INFORMATION SUPPLIED:
(* Let $X=\{v_1,\dots,v_n\}$ be a set of $n$ unit vectors in $\mathbb{R}^d$ such that $\langle v_i,v_j\rangle\in\{a,b\}$ for all $i\neq j$, where $-1\le a<b<1$. Let $G=(\langle v_i,v_j\rangle)_{i,j=1}^n$ be its Gram matrix, $J$ the $n\times n$ all-ones matrix, and \[ S=\frac{2G-(a+b)J+(a+b-2)I}{b-a}. \] Let $\lambda_1\ge\dots\ge\lambda_n$ be the eigenvalues of $S$ counted with multiplicity. (i) If $a+b\ge 0$, then $\lambda_i=\frac{a+b-2}{b-a}$ for all $d+1\le i\le n-1$ and $\lambda_n\le\frac{a+b-2}{b-a}$; i.e. $S$ has smallest eigenvalue $\lambda_n$ (counted once) and second smallest eigenvalue $\frac{a+b-2}{b-a}$ with multiplicity at least $n-d-1$. (ii) If $a+b<0$, then the smallest eigenvalue of $S$ is $\frac{a+b-2}{b-a}$, with multiplicity at least $n-d-1$.
   Context: $S$ is a Seidel matrix: a real symmetric matrix with zero diagonal and off-diagonal entries $\pm1$ (the entry is $+1$ where the inner product is $b$ and $-1$ where it is $a$). *)

From HB Require Import structures.
From mathcomp Require Import all_boot all_order all_algebra.
From mathcomp Require Import reals.
Set Implicit Arguments. Unset Strict Implicit. Unset Printing Implicit Defensive.
Import Order.TTheory GRing.Theory Num.Theory.
Local Open Scope ring_scope.

Definition dotv (R : realType) (d : nat) (x y : 'rV[R]_d) : R :=
  \sum_(k < d) x 0 k * y 0 k.

Definition gram (R : realType) (n d : nat) (v : 'I_n -> 'rV[R]_d) : 'M[R]_n :=
  \matrix_(i, j) dotv (v i) (v j).

Definition seidelS (R : realType) (n d : nat) (a b : R)
    (v : 'I_n -> 'rV[R]_d) : 'M[R]_n :=
  (b - a)^-1 *: (2 *: gram v - (a + b) *: const_mx 1 + (a + b - 2)%:M).

(* s lists the eigenvalues of M with multiplicity, in non-increasing order:
   lambda_1 >= ... >= lambda_n, with lambda_(i+1) = s`_i. *)
Definition eigenvalues_desc (R : realType) (n : nat) (M : 'M[R]_n)
    (s : seq R) : Prop :=
  sorted (fun x y => y <= x) s /\
  char_poly M = \prod_(x <- s) ('X - x%:P).

From HB Require Import structures.
From mathcomp Require Import all_boot all_order all_algebra.
From mathcomp Require Import reals.
From mathcomp Require Import zify complex spectral.
Import Order.TTheory GRing.Theory Num.Theory.
Local Open Scope ring_scope.

Set Implicit Arguments. Unset Strict Implicit. Unset Printing Implicit Defensive.

(* A symmetric matrix A with
   A - c I = X X^T - Y Y^T, X with p columns and Y with q, has at most p
   eigenvalues above c and at most q below c: otherwise some vector supported on
   the eigendirections with eigenvalue > c is orthogonal to the columns of X, and
   its quadratic form is both positive and nonpositive.  For a + b >= 0 take
   X ~ V and Y ~ j (p = d, q = 1); for a + b < 0 take X ~ [V j] and Y = 0
   (p = d + 1, q = 0). *)

Section SupportedKernelVector.
Variable F : fieldType.

Lemma supported_left_kernel_nz n p (I : pred 'I_n) (K : 'M[F]_(n, p)) :
  (p < #|I|)%N ->
  exists u : 'rV[F]_n, [/\ u != 0, u *m K = 0 & forall i, i \notin I -> u 0 i = 0].
Proof.
move=> pI.
pose E : 'M[F]_(#|I|, n) := \matrix_(j, i) (i == enum_val j)%:R.
have EEt : E *m E^T = 1%:M.
  apply/matrixP => j k; rewrite !mxE (bigD1 (enum_val j)) //= big1 ?addr0.
    by rewrite !mxE eqxx (inj_eq enum_val_inj) mul1r; case: (j == k).
  by move=> i /negPf ne; rewrite !mxE ne mul0r.
have rankE : \rank E = #|I|.
  apply/eqP; rewrite eqn_leq rank_leq_row /=.
  by apply: (@mulmx1_min_rank _ _ _ _ E 1%:M E^T); rewrite mul1mx.
have rank_cap : (0 < \rank (E :&: kermx K))%N.
  have := mxrank_sum_cap E (kermx K); rewrite rankE mxrank_ker.
  have := rank_leq_col (E + kermx K)%MS; have := rank_leq_col K; lia.
set u := nz_row (E :&: kermx K)%MS.
have uE : (u <= E)%MS := submx_trans (nz_row_sub _) (capmxSl _ _).
have uK : (u <= kermx K)%MS := submx_trans (nz_row_sub _) (capmxSr _ _).
exists u; split.
- by rewrite nz_row_eq0 -mxrank_eq0 -lt0n.
- exact/sub_kermxP.
- move=> i iI; case/submxP: uE => x ->; rewrite !mxE big1 // => j _.
  rewrite !mxE; case: eqP => [ij | _]; last by rewrite mulr0.
  by move: iI; rewrite ij enum_valP.
Qed.

End SupportedKernelVector.

Lemma char_poly_similar (R : comNzRingType) n (A P Q : 'M[R]_n) :
  Q *m P = 1%:M -> char_poly (Q *m A *m P) = char_poly A.
Proof.
move=> QP.
have QPpoly : map_mx polyC Q *m map_mx polyC P = 1%:M.
  by rewrite -map_mxM QP map_mx1.
rewrite /char_poly; have -> : char_poly_mx (Q *m A *m P) =
          map_mx polyC Q *m char_poly_mx A *m map_mx polyC P.
  rewrite /char_poly_mx mulmxBr mulmxBl -!map_mxM.
  by rewrite -[_ *m 'X%:M *m _]mulmxA -scalar_mxC mulmxA QPpoly mul1mx.
rewrite !det_mulmx mulrC mulrA -det_mulmx.
by rewrite (mulmx1C QPpoly) det1 mul1r.
Qed.

Section Inertia.
Local Open Scope sesquilinear_scope.
Variable C : numClosedFieldType.

Lemma form_diag_mx n (u D : 'rV[C]_n) :
  (u *m diag_mx D *m u ^t*) 0 0 = \sum_i D 0 i * (u 0 i * (u 0 i)^*).
Proof.
rewrite mul_mx_diag mxE; apply: eq_bigr => i _.
by rewrite !mxE mulrCA mulrA.
Qed.

Lemma form_diag_mx_gt0 n (u D : 'rV[C]_n) :
  u != 0 -> (forall i, u 0 i != 0 -> 0 < D 0 i) ->
  0 < (u *m diag_mx D *m u ^t*) 0 0.
Proof.
move=> u_nz Dpos; have [i ui] : exists i, u 0 i != 0.
  apply/existsP; apply: contraR u_nz; rewrite negb_exists => /forallP u0.
  by apply/eqP/rowP => i; rewrite mxE; apply/eqP; move: (u0 i); rewrite negbK.
rewrite form_diag_mx (bigD1 i) //=; apply: ltr_wpDr.
  apply: sumr_ge0 => j _; have [-> | uj] := eqVneq (u 0 j) 0.
    by rewrite mul0r mulr0.
  by rewrite mulr_ge0 ?mul_conjC_ge0 // ltW ?Dpos.
by rewrite mulr_gt0 ?Dpos // mul_conjC_gt0.
Qed.

Lemma card_spectral_gt0_le n p q (P : 'M[C]_n) (D : 'rV[C]_n)
    (X : 'M[C]_(n, p)) (Y : 'M[C]_(n, q)) :
  P \is unitarymx -> P ^t* *m diag_mx D *m P = X *m X ^t* - Y *m Y ^t* ->
  (#|[pred i : 'I_n | (0 < D 0 i)%R]| <= p)%N.
Proof.
move=> /unitarymxP PPt decA; rewrite leqNgt; apply/negP.
case/(supported_left_kernel_nz (P *m X)) => u [u_nz uPX u_supp].
have Dpos i : u 0 i != 0 -> 0 < D 0 i.
  by apply: contraNT => Di; rewrite u_supp.
have := form_diag_mx_gt0 u_nz Dpos.
have -> : u *m diag_mx D *m u ^t* =
          (u *m P) *m (P ^t* *m diag_mx D *m P) *m (u *m P) ^t*.
  by rewrite trmx_mul map_mxM !mulmxA -[u *m P *m P ^t*]mulmxA PPt mulmx1
             -[u *m _ *m P *m P ^t*]mulmxA PPt mulmx1.
rewrite decA mulmxBr mulmxBl !mulmxA; rewrite mulmxA in uPX.
rewrite uPX !mul0mx sub0r -[_ *m Y ^t* *m _]mulmxA -map_mxM -trmx_mul.
by rewrite mxE oppr_gt0 -dotmxE le_gtF ?dnorm_ge0.
Qed.

Lemma card_spectral_lt0_le n p q (P : 'M[C]_n) (D : 'rV[C]_n)
    (X : 'M[C]_(n, p)) (Y : 'M[C]_(n, q)) :
  P \is unitarymx -> P ^t* *m diag_mx D *m P = X *m X ^t* - Y *m Y ^t* ->
  (#|[pred i : 'I_n | (D 0 i < 0)%R]| <= q)%N.
Proof.
move=> Pu decA.
have -> : #|[pred i : 'I_n | (D 0 i < 0)%R]| = #|[pred i | 0 < (- D) 0 i]|.
  by apply: eq_card => i; rewrite !inE mxE oppr_gt0.
apply: (card_spectral_gt0_le (X := Y) (Y := X) Pu).
by rewrite linearN /= mulmxN mulNmx decA opprB.
Qed.

End Inertia.

Lemma card_count_enum (T : finType) (P : pred T) : #|[pred i | P i]| = count P (enum T).
Proof.
rewrite cardE /enum_mem size_filter count_filter.
by apply: eq_count => x; rewrite !inE andbT.
Qed.

Section RealInertia.
Local Open Scope sesquilinear_scope.
Local Open Scope complex_scope.
Variable R : rcfType.
Local Notation toC := (map_mx (real_complex R)).

Lemma conjtr_real_complex m p (X : 'M[R]_(m, p)) : (toC X) ^t* = toC X^T.
Proof.
apply/matrixP => i j; rewrite !mxE /=.
by apply/eqP; rewrite eq_complex /= oppr0 !eqxx.
Qed.

Variables (n p q : nat) (A : 'M[R]_n) (X : 'M[R]_(n, p)) (Y : 'M[R]_(n, q)).
Variables (s : seq R) (c : R).
Hypothesis charA : char_poly A = \prod_(x <- s) ('X - x%:P).
Hypothesis decA : A - c%:M = X *m X^T - Y *m Y^T.

Lemma shifted_spectral_decomposition :
  exists P : 'M[R[i]]_n, exists D : 'rV[R[i]]_n,
  [/\ P \is unitarymx,
      P ^t* *m diag_mx D *m P = toC X *m (toC X) ^t* - toC Y *m (toC Y) ^t*
    & perm_eq [seq (x - c)%:C | x <- s] [seq D 0 i | i <- enum 'I_n]].
Proof.
have Asym : A^T = A.
  have : (A - c%:M)^T = A - c%:M by rewrite decA linearB /= !trmx_mul !trmxK.
  by rewrite linearB /= tr_scalar_mx => /addIr.
have /hermitian_normalmx/orthomx_spectralP decAC : toC A \is hermsymmx.
  by rewrite qualifE /= expr0 scale1r conjtr_real_complex Asym.
set P := spectralmx _ in decAC; set D := spectral_diag _ in decAC.
have Pu : P \is unitarymx := spectral_unitarymx _.
have PtP : P ^t* *m P = 1%:M by apply: mulmx1C; apply/unitarymxP.
rewrite invmx_unitary // in decAC.
exists P, (D - const_mx c%:C); split => //.
  rewrite linearB /= diag_const_mx mulmxBr mulmxBl -decAC mul_mx_scalar.
  rewrite -scalemxAl PtP scalemx1 -map_scalar_mx -map_mxB decA.
  by rewrite map_mxB !map_mxM !conjtr_real_complex.
have permD : perm_eq [seq x%:C | x <- s] [seq D 0 i | i <- enum 'I_n].
  apply: prod_XsubC_eq; rewrite big_map -map_prod_XsubC -charA map_char_poly decAC.
  rewrite char_poly_similar // char_poly_trig ?diag_mx_is_trig // big_map big_enum /=.
  by apply: eq_bigr => i _; rewrite mxE eqxx mulr1n.
have := perm_map (fun z => z - c%:C) permD; rewrite -!map_comp.
by congr perm_eq; apply: eq_map => ? /=; rewrite ?rmorphB ?mxE.
Qed.

Lemma count_eigen_gt_le : (count (fun x => (c < x)%R) s <= p)%N.
Proof.
have [P [D [Pu decC permD]]] := shifted_spectral_decomposition.
suff -> : count (fun x => c < x) s = #|[pred i | (0 < D 0 i)%R]|.
  exact: card_spectral_gt0_le Pu decC.
rewrite card_count_enum -(count_map (fun i => D 0 i) (>%R^~ 0)) -(permP permD).
by rewrite count_map; apply: eq_count => x; rewrite /= ltcE /= eqxx subr_gt0.
Qed.

Lemma count_eigen_lt_le : (count (fun x => (x < c)%R) s <= q)%N.
Proof.
have [P [D [Pu decC permD]]] := shifted_spectral_decomposition.
suff -> : count (fun x => x < c) s = #|[pred i | (D 0 i < 0)%R]|.
  exact: card_spectral_lt0_le Pu decC.
rewrite card_count_enum -(count_map (fun i => D 0 i) (<%R^~ 0)) -(permP permD).
by rewrite count_map; apply: eq_count => x; rewrite /= ltcE /= eqxx subr_lt0.
Qed.

End RealInertia.

Section SortedDescending.
Variable R : realDomainType.
Variables (s : seq R) (c : R).
Hypothesis s_sorted : sorted (fun x y => y <= x) s.

Lemma nth_ge_sorted i j : (i <= j < size s)%N -> s`_j <= s`_i.
Proof.
move=> /andP[ij js]; have ge_trans : transitive (fun x y : R => y <= x).
  by move=> x y z yx zy; apply: le_trans zy yx.
by apply: (sorted_leq_nth ge_trans (fun x => lexx x)); rewrite ?inE //; lia.
Qed.

Lemma nth_le_of_count_gt k i :
  (count (fun x => (c < x)%R) s <= k)%N -> (k <= i < size s)%N -> s`_i <= c.
Proof.
move=> cnt /andP[ki isz]; rewrite leNgt; apply/negP => ci.
have : all (fun x => c < x) (take i.+1 s).
  apply/(all_nthP 0) => j; rewrite size_takel // => ji; rewrite nth_take //.
  by apply: lt_le_trans ci (nth_ge_sorted _); lia.
rewrite all_count size_takel // => /eqP take_cnt.
by move: cnt; rewrite -(cat_take_drop i.+1 s) count_cat take_cnt; lia.
Qed.

Lemma nth_ge_of_count_lt k i :
  (count (fun x => (x < c)%R) s <= k)%N -> (i + k < size s)%N -> c <= s`_i.
Proof.
move=> cnt isz; rewrite leNgt; apply/negP => ic.
have : all (fun x => x < c) (drop i s).
  apply/(all_nthP 0) => j; rewrite size_drop => ji; rewrite nth_drop.
  by apply: le_lt_trans ic; apply: nth_ge_sorted; rewrite leq_addr -ltn_subRL.
rewrite all_count size_drop => /eqP drop_cnt.
move: cnt; rewrite -(cat_take_drop i s) count_cat drop_cnt => /(leq_trans (leq_addl _ _)).
by rewrite leq_subLR leqNgt isz.
Qed.

End SortedDescending.

Lemma count_pred1_ge (R : realDomainType) (s : seq R) c k :
  (count (fun x => (c < x)%R) s + count (fun x => (x < c)%R) s <= k)%N ->
  (size s - k <= count (pred1 c) s)%N.
Proof.
suff : (count (pred1 c) s + count (fun x => (c < x)%R) s + count (fun x => (x < c)%R) s)%N
       = size s by lia.
by elim: s => //= x s IH; case: ltgtP; lia.
Qed.

Lemma gram_scale_sqrt (R : rcfType) m p (k : R) (X : 'M[R]_(m, p)) :
  0 <= k -> k *: (X *m X^T) = (Num.sqrt k *: X) *m (Num.sqrt k *: X)^T.
Proof.
by move=> k0; rewrite linearZ /= -scalemxAl -scalemxAr scalerA -expr2 sqr_sqrtr.
Qed.

Section SeidelShift.
Variables (R : realType) (n d : nat) (a b : R) (v : 'I_n -> 'rV[R]_d).
Hypothesis ab : a < b.

Let V : 'M[R]_(n, d) := \matrix_(i, k) v i 0 k.
Let ones : 'cV[R]_n := const_mx 1.
Let c := (a + b - 2) / (b - a).

Lemma seidelS_sub_scalar :
  seidelS a b v - c%:M =
  ((b - a)^-1 * 2) *: (V *m V^T) - ((b - a)^-1 * (a + b)) *: (ones *m ones^T).
Proof.
have gramV : gram v = V *m V^T.
  by apply/matrixP => i j; rewrite !mxE; apply: eq_bigr => k _; rewrite !mxE.
have onesJ : const_mx 1 = ones *m ones^T.
  by apply/matrixP => i j; rewrite !mxE big_ord1 !mxE mulr1.
rewrite /seidelS gramV onesJ scalerDr scale_scalar_mx /c [_ / _]mulrC addrK.
by rewrite scalerBr !scalerA.
Qed.

Let inv_ba_ge0 : 0 <= (b - a)^-1.
Proof. by rewrite invr_ge0 subr_ge0 ltW. Qed.

Lemma seidelS_shift_gram_nonneg : 0 <= a + b ->
  exists (X : 'M[R]_(n, d)) (Y : 'M[R]_(n, 1)),
  seidelS a b v - c%:M = X *m X^T - Y *m Y^T.
Proof.
move=> ab_ge0; rewrite seidelS_sub_scalar.
by rewrite !gram_scale_sqrt ?mulr_ge0 ?inv_ba_ge0 //; do 2 eexists.
Qed.

Lemma seidelS_shift_gram_neg : a + b < 0 ->
  exists X : 'M[R]_(n, d + 1), seidelS a b v - c%:M = X *m X^T.
Proof.
move=> ab_lt0; rewrite seidelS_sub_scalar -scaleNr -mulrN.
rewrite !gram_scale_sqrt ?mulr_ge0 ?inv_ba_ge0 ?oppr_ge0 ?(ltW ab_lt0) //.
exists (row_mx (Num.sqrt ((b - a)^-1 * 2) *: V) (Num.sqrt ((b - a)^-1 * - (a + b)) *: ones)).
by rewrite tr_row_mx mul_row_col.
Qed.

End SeidelShift.

Theorem mainTheorem6 (R : realType) (n d : nat) (a b : R)
    (v : 'I_n -> 'rV[R]_d) (s : seq R) :
  -1 <= a -> a < b -> b < 1 ->
  (forall i, dotv (v i) (v i) = 1) ->
  (forall i j, i != j -> dotv (v i) (v j) = a \/ dotv (v i) (v j) = b) ->
  eigenvalues_desc (seidelS a b v) s ->
  let c := (a + b - 2) / (b - a) in
  (0 <= a + b ->
     (forall i : nat, (d <= i)%N -> (i < n.-1)%N -> s`_i = c) /\
     ((d < n)%N -> s`_(n.-1) <= c)) /\
  (a + b < 0 ->
     (forall i : nat, (i < n)%N -> c <= s`_i) /\
     (n - d.+1 <= count (pred1 c) s)%N /\
     ((d.+1 < n)%N -> s`_(n.-1) = c)).
Proof.
move=> _ ab _ _ _ [s_sorted charS] c.
have sz : size s = n.
  by have := size_char_poly (seidelS a b v); rewrite charS size_prod_XsubC => -[].
split=> [ab_ge0 | ab_lt0].
  have [X [Y decS]] := seidelS_shift_gram_nonneg v ab ab_ge0.
  have gt_c := count_eigen_gt_le charS decS.
  have lt_c := count_eigen_lt_le charS decS.
  split=> [i di ilt | dn]; last first.
    by apply: (nth_le_of_count_gt s_sorted gt_c); rewrite sz; lia.
  apply/le_anti; rewrite (nth_le_of_count_gt s_sorted gt_c) /=; last lia.
  by apply: (nth_ge_of_count_lt s_sorted lt_c); rewrite sz; lia.
have [X decX] := seidelS_shift_gram_neg v ab ab_lt0.
have decS : seidelS a b v - c%:M = X *m X^T - 0 *m (0 : 'M_(n, 0))^T.
  by rewrite mul0mx subr0.
have gt_c := count_eigen_gt_le charS decS.
have lt_c := count_eigen_lt_le charS decS.
have ge_c i : (i < n)%N -> c <= s`_i.
  by move=> ?; apply: (nth_ge_of_count_lt s_sorted lt_c); rewrite sz; lia.
split=> //; split=> [|dn].
  rewrite -sz count_pred1_ge // (leq_trans (leq_add gt_c lt_c)) //.
  by rewrite addn0 addn1.
apply/le_anti; rewrite ge_c ?andbT; last lia.
by apply: (nth_le_of_count_gt s_sorted gt_c); rewrite sz; lia.
Qed.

TO DO: Please write out the material word for word from its first line through the line holding "sorted (fun x y => y <= x) s /\", including both, and no line past it.

RESULT OF THIS TASK:
(* Let $X=\{v_1,\dots,v_n\}$ be a set of $n$ unit vectors in $\mathbb{R}^d$ such that $\langle v_i,v_j\rangle\in\{a,b\}$ for all $i\neq j$, where $-1\le a<b<1$. Let $G=(\langle v_i,v_j\rangle)_{i,j=1}^n$ be its Gram matrix, $J$ the $n\times n$ all-ones matrix, and \[ S=\frac{2G-(a+b)J+(a+b-2)I}{b-a}. \] Let $\lambda_1\ge\dots\ge\lambda_n$ be the eigenvalues of $S$ counted with multiplicity. (i) If $a+b\ge 0$, then $\lambda_i=\frac{a+b-2}{b-a}$ for all $d+1\le i\le n-1$ and $\lambda_n\le\frac{a+b-2}{b-a}$; i.e. $S$ has smallest eigenvalue $\lambda_n$ (counted once) and second smallest eigenvalue $\frac{a+b-2}{b-a}$ with multiplicity at least $n-d-1$. (ii) If $a+b<0$, then the smallest eigenvalue of $S$ is $\frac{a+b-2}{b-a}$, with multiplicity at least $n-d-1$.
   Context: $S$ is a Seidel matrix: a real symmetric matrix with zero diagonal and off-diagonal entries $\pm1$ (the entry is $+1$ where the inner product is $b$ and $-1$ where it is $a$). *)

From HB Require Import structures.
From mathcomp Require Import all_boot all_order all_algebra.
From mathcomp Require Import reals.
Set Implicit Arguments. Unset Strict Implicit. Unset Printing Implicit Defensive.
Import Order.TTheory GRing.Theory Num.Theory.
Local Open Scope ring_scope.

Definition dotv (R : realType) (d : nat) (x y : 'rV[R]_d) : R :=
  \sum_(k < d) x 0 k * y 0 k.

Definition gram (R : realType) (n d : nat) (v : 'I_n -> 'rV[R]_d) : 'M[R]_n :=
  \matrix_(i, j) dotv (v i) (v j).

Definition seidelS (R : realType) (n d : nat) (a b : R)
    (v : 'I_n -> 'rV[R]_d) : 'M[R]_n :=
  (b - a)^-1 *: (2 *: gram v - (a + b) *: const_mx 1 + (a + b - 2)%:M).

(* s lists the eigenvalues of M with multiplicity, in non-increasing order:
   lambda_1 >= ... >= lambda_n, with lambda_(i+1) = s`_i. *)
Definition eigenvalues_desc (R : realType) (n : nat) (M : 'M[R]_n)
    (s : seq R) : Prop :=
  sorted (fun x y => y <= x) s /\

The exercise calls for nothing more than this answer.